GithubHelp home page GithubHelp logo

caatinga's Introduction

Mapping methodology of Land Used Land Cover mapping of 35 years on project Mapbiomas/ Biome Caatinga

In this repository we share a set of scripts that were used for the construction of the use and coverage maps of the Caatinga biome in the 5.0 collection of the Mapbiomas project. The Maps were created from the Mapbiomas mosaics. Each mosaic corresponding to a year within the 1985-2019 series was trimmed by the limits of Hydrographic Basins of Brazil at level 2, figure 1. Some hydrographic basins were raised to level 3 in order to facilitate the Google Earth Engine api calculations.

Figure 1: Limits of hydrographic basins, mosaics, and one of the maps in collection 5.

The classes produced in this work correspond to level 3, available in:

https://mapbiomas.org/codigos-de-legenda?cama_set_language=pt-BR

Table 1: Legend of the classified classes.

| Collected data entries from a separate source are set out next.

(* If the quadrilateral $Q$ in $K^2$ has no parallel sides and no parallel diagonals, then a pair of bisectors of $Q$ is $Q$-antipodal if and only if it is $Q$-orthogonal.
   Context: $K$ is a field of characteristic $\neq 2$. Every line $L$ in $K^2$ has an equation $tX-uY+v=0$ normalized so that $t=1$ if $u=0$ and $u=1$ if $u\neq 0$; coefficients denoted $t_L,u_L,v_L$. A quadrilateral $Q=ABA'B'$ consists of four distinct lines $A,B,A',B'$ (sides), not all through one point, with adjacent sides ($A,B$; $B,A'$; $A',B'$; $B',A$) not parallel; opposite sides may be parallel. Vertices: $A\cap B$, $B\cap A'$, $A'\cap B'$, $B'\cap A$ (two may coincide if three sides are concurrent). Diagonals: the lines through nonadjacent vertices. The centroid is the average of the four vertices. Let $\alpha=t_Au_Bu_{A'}u_{B'}-u_At_Bu_{A'}u_{B'}+u_Au_Bt_{A'}u_{B'}-u_Au_Bu_{A'}t_{B'}$, $\beta=t_Au_Bt_{A'}u_{B'}-u_At_Bu_{A'}t_{B'}$, $\gamma=t_At_Bt_{A'}u_{B'}-t_At_Bu_{A'}t_{B'}+t_Au_Bt_{A'}t_{B'}-u_At_Bt_{A'}t_{B'}$, and $\langle \mathbf v,\mathbf w\rangle_Q=\mathbf v^T\begin{pmatrix}\gamma&-\beta\\-\beta&\alpha\end{pmatrix}\mathbf w$. Lines $\ell_1,\ell_2$ are $Q$-orthogonal if $\langle (u_{\ell_1},t_{\ell_1}),(u_{\ell_2},t_{\ell_2})\rangle_Q=0$. A line $\ell$ crosses a pair $\{\ell_1,\ell_2\}$ if distinct from both and not parallel to both; $\mathrm{mid}_{\{\ell_1,\ell_2\}}(\ell)$ is the midpoint of the points where $\ell$ meets $\ell_1,\ell_2$ (the point at infinity of $\ell$ if one is at infinity). $\ell$ bisects $Q$ (is a bisector) if $\mathrm{mid}_{\mathsf P}(\ell)$ is the same for all pairs $\mathsf P$ among $\{A,A'\},\{B,B'\}$ that $\ell$ crosses; this common point is the midpoint of the bisector. A pair $\{\ell_1,\ell_2\}$ of bisectors (possibly $\ell_1=\ell_2$) is $Q$-antipodal if the midpoint of their midpoints is the centroid of $Q$. *)

From HB Require Import structures.
From mathcomp Require Import all_boot all_order all_algebra.
Set Implicit Arguments. Unset Strict Implicit. Unset Printing Implicit Defensive.
Import Order.TTheory GRing.Theory Num.Theory.
Local Open Scope ring_scope.

Section Geometry.
Variable K : fieldType.

(* A line  t X - u Y + v = 0, normalised: t = 1 if u = 0, and u = 1 if u <> 0. *)
Definition normalized (t u : K) : bool := if u == 0 then t == 1 else u == 1.

Record line := Line { lt : K; lu : K; lv : K; line_norm : normalized lt lu }.

Definition point := (K * K)%type.

Definition on_line (p : point) (l : line) : Prop :=
  lt l * p.1 - lu l * p.2 + lv l = 0.

Definition parallel (l1 l2 : line) : Prop := lt l1 * lu l2 - lu l1 * lt l2 = 0.

(* intersection point of two non-parallel lines (Cramer's rule) *)
Definition meet (l1 l2 : line) : point :=
  let D := lu l1 * lt l2 - lt l1 * lu l2 in
  ((lv l1 * lu l2 - lu l1 * lv l2) / D, (lt l2 * lv l1 - lt l1 * lv l2) / D).

Definition padd (p q : point) : point := (p.1 + q.1, p.2 + q.2).
Definition pscale (c : K) (p : point) : point := (c * p.1, c * p.2).
Definition pmid (p q : point) : point := pscale (2%:R)^-1 (padd p q).

Definition line_through_coef (p q : point) : K * K * K :=
  let dx := q.1 - p.1 in let dy := q.2 - p.2 in
  if dx == 0 then (1, 0, - p.1)
  else let t := dy / dx in (t, 1, p.2 - t * p.1).

Lemma line_through_norm (p q : point) :
  normalized (line_through_coef p q).1.1 (line_through_coef p q).1.2.
Proof.
rewrite /line_through_coef; case: ifP => _ /=;
  by rewrite /normalized ?eqxx ?oner_eq0.
Qed.

Definition line_through (p q : point) : line :=
  @Line (line_through_coef p q).1.1 (line_through_coef p q).1.2
        (line_through_coef p q).2 (line_through_norm p q).

Definition quadrilateral (A B A' B' : line) : Prop :=
  [/\ A <> B, A <> A' & A <> B'] /\ [/\ B <> A', B <> B' & A' <> B'] /\
  ~ (exists p : point, [/\ on_line p A, on_line p B, on_line p A' & on_line p B']) /\
  [/\ ~ parallel A B, ~ parallel B A', ~ parallel A' B' & ~ parallel B' A].

Definition vert1 (A B A' B' : line) := meet A B.
Definition vert2 (A B A' B' : line) := meet B A'.
Definition vert3 (A B A' B' : line) := meet A' B'.
Definition vert4 (A B A' B' : line) := meet B' A.

Definition diag1 (A B A' B' : line) :=
  line_through (vert1 A B A' B') (vert3 A B A' B').
Definition diag2 (A B A' B' : line) :=
  line_through (vert2 A B A' B') (vert4 A B A' B').

Definition centroid (A B A' B' : line) : point :=
  pscale (4%:R)^-1 (padd (padd (vert1 A B A' B') (vert2 A B A' B'))
                         (padd (vert3 A B A' B') (vert4 A B A' B'))).

Definition alpha (A B A' B' : line) : K :=
  lt A * lu B * lu A' * lu B' - lu A * lt B * lu A' * lu B'
  + lu A * lu B * lt A' * lu B' - lu A * lu B * lu A' * lt B'.
Definition beta (A B A' B' : line) : K :=
  lt A * lu B * lt A' * lu B' - lu A * lt B * lu A' * lt B'.
Definition gamma (A B A' B' : line) : K :=
  lt A * lt B * lt A' * lu B' - lt A * lt B * lu A' * lt B'
  + lt A * lu B * lt A' * lt B' - lu A * lt B * lt A' * lt B'.

Definition Qform (A B A' B' : line) (v w : K * K) : K :=
  gamma A B A' B' * v.1 * w.1 - beta A B A' B' * v.1 * w.2
  - beta A B A' B' * v.2 * w.1 + alpha A B A' B' * v.2 * w.2.

Definition Q_orthogonal (A B A' B' : line) (l1 l2 : line) : Prop :=
  Qform A B A' B' (lu l1, lt l1) (lu l2, lt l2) = 0.

Definition crosses (l l1 l2 : line) : Prop :=
  l <> l1 /\ l <> l2 /\ ~ (parallel l l1 /\ parallel l l2).

(* mid_{l1,l2}(l): None encodes the point at infinity of l *)
Definition mid (l l1 l2 : line) : option point :=
  if (lt l * lu l1 - lu l * lt l1 == 0) || (lt l * lu l2 - lu l * lt l2 == 0)
  then None else Some (pmid (meet l l1) (meet l l2)).

Definition bisects (A B A' B' : line) (l : line) : Prop :=
  crosses l A A' -> crosses l B B' -> mid l A A' = mid l B B'.

Definition bisector_midpoint (A B A' B' : line) (l : line) (m : point) : Prop :=
  (crosses l A A' /\ mid l A A' = Some m) \/ (crosses l B B' /\ mid l B B' = Some m).

Definition Q_antipodal (A B A' B' : line) (l1 l2 : line) : Prop :=
  exists m1 m2 : point,
    [/\ bisector_midpoint A B A' B' l1 m1, bisector_midpoint A B A' B' l2 m2
      & pmid m1 m2 = centroid A B A' B'].

End Geometry.

(* A line through [m] with direction [d] is a bisector with midpoint [m]
   exactly when [midpoly A A' d m = 0] and [midpoly B B' d m = 0], two
   conditions linear in [d] and affine in [m].  Replacing [d] by its
   Q-orthogonal direction [Qperp d] and reflecting [m] in the centroid turns
   these two polynomials into linear combinations of themselves, so it maps
   bisectors to bisectors.
   If [l1] and [l2] are antipodal, then [l2] and the image of [l1] have the same
   midpoint; two bisectors with a common midpoint and independent directions
   would put that point on all four sides, so their directions are parallel,
   i.e. [l1] and [l2] are Q-orthogonal.  Conversely, when the diagonals are not
   parallel the direction of a bisector determines its midpoint, so the midpoint
   of a Q-orthogonal [l2] is the reflection of that of [l1]. *)

From mathcomp Require Import all_boot all_order all_algebra.
From mathcomp Require Import ring.
From Stdlib Require Import Classical.
Import GRing.Theory.
Set Implicit Arguments. Unset Strict Implicit. Unset Printing Implicit Defensive.
Local Open Scope ring_scope.

Section Plane.
Variable K : fieldType.
Implicit Types (v w p q d e : K * K) (X Y l : line K) (m : point K).

Definition det2 v w : K := v.1 * w.2 - v.2 * w.1.
Definition dot v w : K := v.1 * w.1 + v.2 * w.2.

Lemma pair_subE v w : v - w = (v.1 - w.1, v.2 - w.2).
Proof. by []. Qed.

Lemma pair_neq0 v : (v != 0) = (v.1 != 0) || (v.2 != 0).
Proof. by case: v => a b; rewrite -[0]/(0, 0) xpair_eqE negb_and. Qed.

Lemma dotC v w : dot v w = dot w v.
Proof. by rewrite /dot mulrC [v.2 * _]mulrC. Qed.

Lemma det2C v w : det2 v w = - det2 w v.
Proof. by rewrite /det2; ring. Qed.

Lemma det2vv v : det2 v v = 0.
Proof. by rewrite /det2 mulrC subrr. Qed.

Lemma pair_mul_eq0 v (x : K) : v != 0 -> v.1 * x = 0 -> v.2 * x = 0 -> x = 0.
Proof.
rewrite pair_neq0 => /orP[] hv h1 h2; [move: h1 | move: h2] => /eqP;
  by rewrite mulf_eq0 (negPf hv) => /eqP.
Qed.

Lemma dot_det2_eq0 p q (x y : K) : dot p (x, y) = 0 -> dot q (x, y) = 0 ->
  det2 p q != 0 -> x = 0 /\ y = 0.
Proof.
move=> hp hq hpq; split; apply: (mulfI hpq); rewrite mulr0.
- transitivity (q.2 * dot p (x, y) - p.2 * dot q (x, y)).
    by rewrite /det2 /dot /=; ring.
  by rewrite hp hq !mulr0 subr0.
- transitivity (p.1 * dot q (x, y) - q.1 * dot p (x, y)).
    by rewrite /det2 /dot /=; ring.
  by rewrite hp hq !mulr0 subr0.
Qed.

Lemma det2_eq0_dot p q v : v != 0 -> dot p v = 0 -> dot q v = 0 -> det2 p q = 0.
Proof.
case: v => x y hv hp hq; apply/eqP; apply: contraNT hv => hpq.
by have [-> ->] := dot_det2_eq0 hp hq hpq; apply: eqxx.
Qed.

Lemma dot_eq0_det2 p q v : det2 p q = 0 -> q != 0 -> dot q v = 0 -> dot p v = 0.
Proof.
move=> hpq hq hqv; apply: (pair_mul_eq0 hq).
- have -> : q.1 * dot p v = p.1 * dot q v - v.2 * det2 p q by rewrite /det2 /dot; ring.
  by rewrite hqv hpq !mulr0 subr0.
- have -> : q.2 * dot p v = p.2 * dot q v + v.1 * det2 p q by rewrite /det2 /dot; ring.
  by rewrite hqv hpq !mulr0 addr0.
Qed.

Lemma det2_trans p q v : q != 0 -> det2 p q = 0 -> det2 q v = 0 -> det2 p v = 0.
Proof.
move=> hq hpq hqv; apply: (pair_mul_eq0 hq).
- have -> : q.1 * det2 p v = p.1 * det2 q v + v.1 * det2 p q by rewrite /det2; ring.
  by rewrite hpq hqv !mulr0 addr0.
- have -> : q.2 * det2 p v = p.2 * det2 q v + v.2 * det2 p q by rewrite /det2; ring.
  by rewrite hpq hqv !mulr0 addr0.
Qed.

Definition dir l : K * K := (lu l, lt l).

Local Notation cross X Y := (det2 (dir X) (dir Y)).

Lemma dir_neq0 l : dir l != 0.
Proof.
case: l => t u v hn; rewrite pair_neq0 /=; move: hn; rewrite /normalized.
by case: eqP => [_ /eqP ->|]; rewrite ?oner_neq0 ?orbT.
Qed.

Lemma parallelE X Y : parallel X Y <-> cross X Y = 0.
Proof.
rewrite /parallel (_ : _ - _ = - cross X Y); last by rewrite /det2 /=; ring.
by split => [/eqP|->]; rewrite ?oppr0 // oppr_eq0 => /eqP.
Qed.

Lemma cross_neq0 X Y : ~ parallel X Y -> cross X Y != 0.
Proof. by move=> h; apply/eqP => /parallelE. Qed.

Lemma parallel_refl l : parallel l l.
Proof. by apply/parallelE; rewrite /det2; ring. Qed.

Lemma parallel_sym X Y : parallel X Y -> parallel Y X.
Proof. by move=> /parallelE h; apply/parallelE; rewrite det2C h oppr0. Qed.

Lemma parallel_trans l X Y : parallel X l -> parallel l Y -> parallel X Y.
Proof.
by move=> /parallelE h1 /parallelE h2; apply/parallelE; apply: det2_trans (dir_neq0 l) h1 h2.
Qed.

The flow of the mapping process is explained in figure 2 below:

Figure 2: Classification process of Mapbiomas current collection (1985-2019) in the Caatinga Biome.

SUMMARY

  • -- collection of training samples
  • -- Parameter analysis for Random Forest
  • -- Classification of Images Collection with Random Forest
  • -- Validation of Results

Random Forest mapping for large volumes of data

  • The collection of training samples is divided into 3 important parts:
    • selection of ROIs
    • removal of puntos outliers

Reference samples for classification are collected from the map series in the most recent collection of Mapbiomas. To collect points with a certain level of veracity confidence per map year, a layer of stable pixels with 5 years of maps is created. Two years before the year under study and two years later. The window in time can be enlarged or reduced to 3, but it always matters. For this, modify the input parameters in the dictionary stop in the script pontos_SemBalanceamento.py.

param = {
   'bioma': ["CAATINGA",'CERRADO','MATAATLANTICA'],
   'asset_bacias': 'users/diegocosta/baciasRecticadaCaatinga',
   'asset_IBGE': 'users/SEEGMapBiomas/bioma_1milhao_uf2015_250mil_IBGE_geo_v4_revisao_pampa_lagoas',  
   'outAsset': 'projects/mapbiomas-workspace/AMOSTRAS/col5/CAATINGA/ROIsXBaciasBalv2/',
   'assetMapbiomasP': 'projects/mapbiomas-workspace/public/collection4_1/mapbiomas_collection41_integration_v1',
   'asset_Mosaic': 'projects/mapbiomas-workspace/MOSAICOS/workspace-c3',
   'classMapB': [3,4,5,9,12,13,15,18,19,20,21,22,23,24,25,26,29,30,31,32,33],
   'classNew':  [3,4,3,3,12,12,21,21,21,21,21,22,22,22,22,33,29,22,33,12,33],
   'janela': 5,
   'escala': 30,
}

Modify the file that records the collected basins: arqFeitos = open("registros/lsBaciasROIsfeitasBalanceadas.txt", 'r')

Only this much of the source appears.